The work of the artist dubbed “Daddy-O” is so steeped in Texas culture and iconography – the old and the new, rural and urban, classy and cheesy – that “40 Years of Blood, Sweat and Beers” seems to encompass everything in the whole damn state…. (it) exudes Texas-osity, the way one oozes beery sweat after a three-night bender in Terlingua.

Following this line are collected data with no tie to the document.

(* Let $2\le n\le l$ be integers, let $L_l=\{a_1<\dots<a_l\}$ be the linearly ordered semilattice of $l$ elements, and let $t(X)=s(X)$ be an equation over $L_l$ in the variables $X=\{x_1,\dots,x_n\}$ in which every variable occurs, with $|\mathrm{Var}(t)\setminus\mathrm{Var}(s)|=k_1$ and $|\mathrm{Var}(s)\setminus\mathrm{Var}(t)|=k_2$. Then the number of irreducible components of the solution set $V(t(X)=s(X))\subseteq L_l^n$ equals $(n-k_1-k_2)(n-1)!+k_1k_2(n-2)!$.
   Context: $L_l$ has multiplication $a_ia_j=a_{\min(i,j)}$. A term is a commutative word in $x_1,\dots,x_n$; $\mathrm{Var}(t)$ is the set of variables occurring in $t$. An equation is an ordered pair of terms $t(X)=s(X)$; $P\in L_l^n$ is a solution if $t(P)=s(P)$. For a system $S$ of equations, $V(S)$ is its set of common solutions; $Y\subseteq L_l^n$ is algebraic if $Y=V(S)$ for some system $S$; an algebraic set is irreducible if it is not a proper finite union of other algebraic sets. Every algebraic set is uniquely (up to order) a finite union $Y_1\cup\dots\cup Y_m$ of irreducible algebraic sets with $Y_i\not\subseteq Y_j$ for $i\ne j$; these $Y_i$ are its irreducible components. *)

From mathcomp Require Import all_boot.
Set Implicit Arguments. Unset Strict Implicit. Unset Printing Implicit Defensive.

(* Elements a_1 < ... < a_l of L_l are represented by the ordinals 0 < ... < l-1
   of 'I_l; the product a_i a_j = a_{min(i,j)} becomes minn on the underlying nat. *)

Definition point (n l : nat) := {ffun 'I_n -> 'I_l}.

(* A term is a (commutative) word in x_1..x_n, i.e. a finite nonempty sequence
   of variable indices; nonemptiness is imposed where terms are used. *)
Definition term (n : nat) := seq 'I_n.

(* Value of a term at a point: the product (= minimum) of the values of its letters.
   (The default l is never reached for nonempty words.) *)
Definition eval_term (n l : nat) (t : term n) (P : point n l) : nat :=
  foldr (fun i m => minn (nat_of_ord (P i)) m) l t.

Definition Var (n : nat) (t : term n) : {set 'I_n} := [set i | i \in t].

Definition equation (n : nat) := (term n * term n)%type.

Definition is_solution (n l : nat) (e : equation n) (P : point n l) : Prop :=
  eval_term e.1 P = eval_term e.2 P.

Definition algebraic (n l : nat) (Y : {set point n l}) : Prop :=
  exists S : equation n -> Prop,
    (forall e, S e -> e.1 != [::] /\ e.2 != [::]) /\
    (forall P : point n l, P \in Y <-> (forall e, S e -> is_solution e P)).

Definition irreducible (n l : nat) (Y : {set point n l}) : Prop :=
  algebraic Y /\
  ~ (exists s : seq {set point n l},
       (forall Z, Z \in s -> algebraic Z /\ Z \proper Y) /\
       Y = \bigcup_(Z <- s) Z).

Definition irreducible_decomposition (n l : nat) (Y : {set point n l})
    (s : seq {set point n l}) : Prop :=
  (forall Z, Z \in s -> irreducible Z) /\
  (forall i j, i < size s -> j < size s -> i != j ->
      ~~ (nth set0 s i \subset nth set0 s j)) /\
  Y = \bigcup_(Z <- s) Z.

Definition V1 (n l : nat) (e : equation n) : {set point n l} :=
  [set P : point n l | eval_term e.1 P == eval_term e.2 P].

From mathcomp Require Import all_boot.
From mathcomp Require Import fingroup perm zify.
Set Implicit Arguments. Unset Strict Implicit. Unset Printing Implicit Defensive.

(* For a point P, the points Q with [P x <= P y -> Q x <= Q y] form the cone
   of P, an irreducible algebraic set: it is cut out by the equations x = x y,
   and every equation satisfied by P holds on the whole cone.  A point solves
   t = s iff its minimum is attained both in Var t and in Var s, i.e. at a
   variable of C = Var t :&: Var s or at a pair from A = Var t :\: Var s and
   B = Var s :\: Var t.  Refining the order of a solution to a linear order
   with bottom in C, or to one whose two lowest elements come from A and B and
   are tied, exhibits V(t = s) as the union of the cones of
   |C| (n-1)! + |A| |B| (n-2)! generic points.  The values of these points are
   their ranks, so an inclusion between two of their cones would force equal
   rank functions: the cones are pairwise incomparable, and they are the
   irreducible components because an irredundant decomposition into
   irreducible sets is unique. *)

Section Cones.

Variables n l : nat.
Implicit Types (t : term n) (P Q : point n l) (Y Z : {set point n l}).

Lemma eval_term_le t P x : x \in t -> eval_term t P <= P x.
Proof.
elim: t => [|y t IH] //=; rewrite inE => /orP [/eqP <-|/IH h]; first exact: geq_minl.
exact: leq_trans (geq_minr _ _) h.
Qed.

Lemma eval_term_mem t P : t != [::] -> exists2 x, x \in t & eval_term t P = P x.
Proof.
elim: t => [|y [|z t] IH] // _.
  by exists y; rewrite ?mem_head //=; apply/minn_idPl/ltnW.
have [x xt ext] := IH isT; rewrite /= in ext *; rewrite ext.
have [le_yx|lt_xy] := leqP (P y) (P x).
  by exists y; rewrite ?mem_head // (minn_idPl le_yx).
by exists x; rewrite ?(minn_idPr (ltnW lt_xy)) // inE xt orbT.
Qed.

Lemma eval_term_min t P x :
  x \in t -> (forall z, z \in t -> P x <= P z) -> eval_term t P = P x.
Proof.
move=> xt Pmin; have [|y yt ey] := @eval_term_mem t P; first by case: t xt {Pmin}.
by apply/eqP; rewrite eqn_leq eval_term_le // ey Pmin.
Qed.

Lemma eval_term1 x P : eval_term [:: x] P = P x.
Proof. exact/minn_idPl/ltnW. Qed.

Lemma eval_term2 x y P : eval_term [:: x; y] P = minn (P x) (P y).
Proof. by rewrite /eval_term /= (minn_idPl (ltnW (ltn_ord (P y)))). Qed.

Definition cone P : {set point n l} :=
  [set Q : point n l | [forall x, forall y, (P x <= P y) ==> (Q x <= Q y)]].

Robert Faires’ description of a 2009 “retrospectacle” of the work of Bob “Daddy-O” Wade at the former South Austin Museum of Popular Culture on South Lamar, Austin Chronicle

It’s hard to miss the parking lot when driving down South Lamar, and the museum sign beckoned us to explore. But, alas, the South Austin Museum of Popular Culture, founded in 2004, no longer calls 1516 South Lamar home. Hemmed in from expansion by its neighbor Planet K, in 2019 SouthPop packed up, moved the contents of its interior collection and reopened behind Threadgill’s Old No. 1 on North Lamar as the Austin Museum of Popular Culture.

But, an even bigger alas. The pandemic raised its ugly head and tolled the bell on Threadgill’s, an iconic Austin institution for almost 40 years. So the Austin Museum of Popular Culture is now homeless.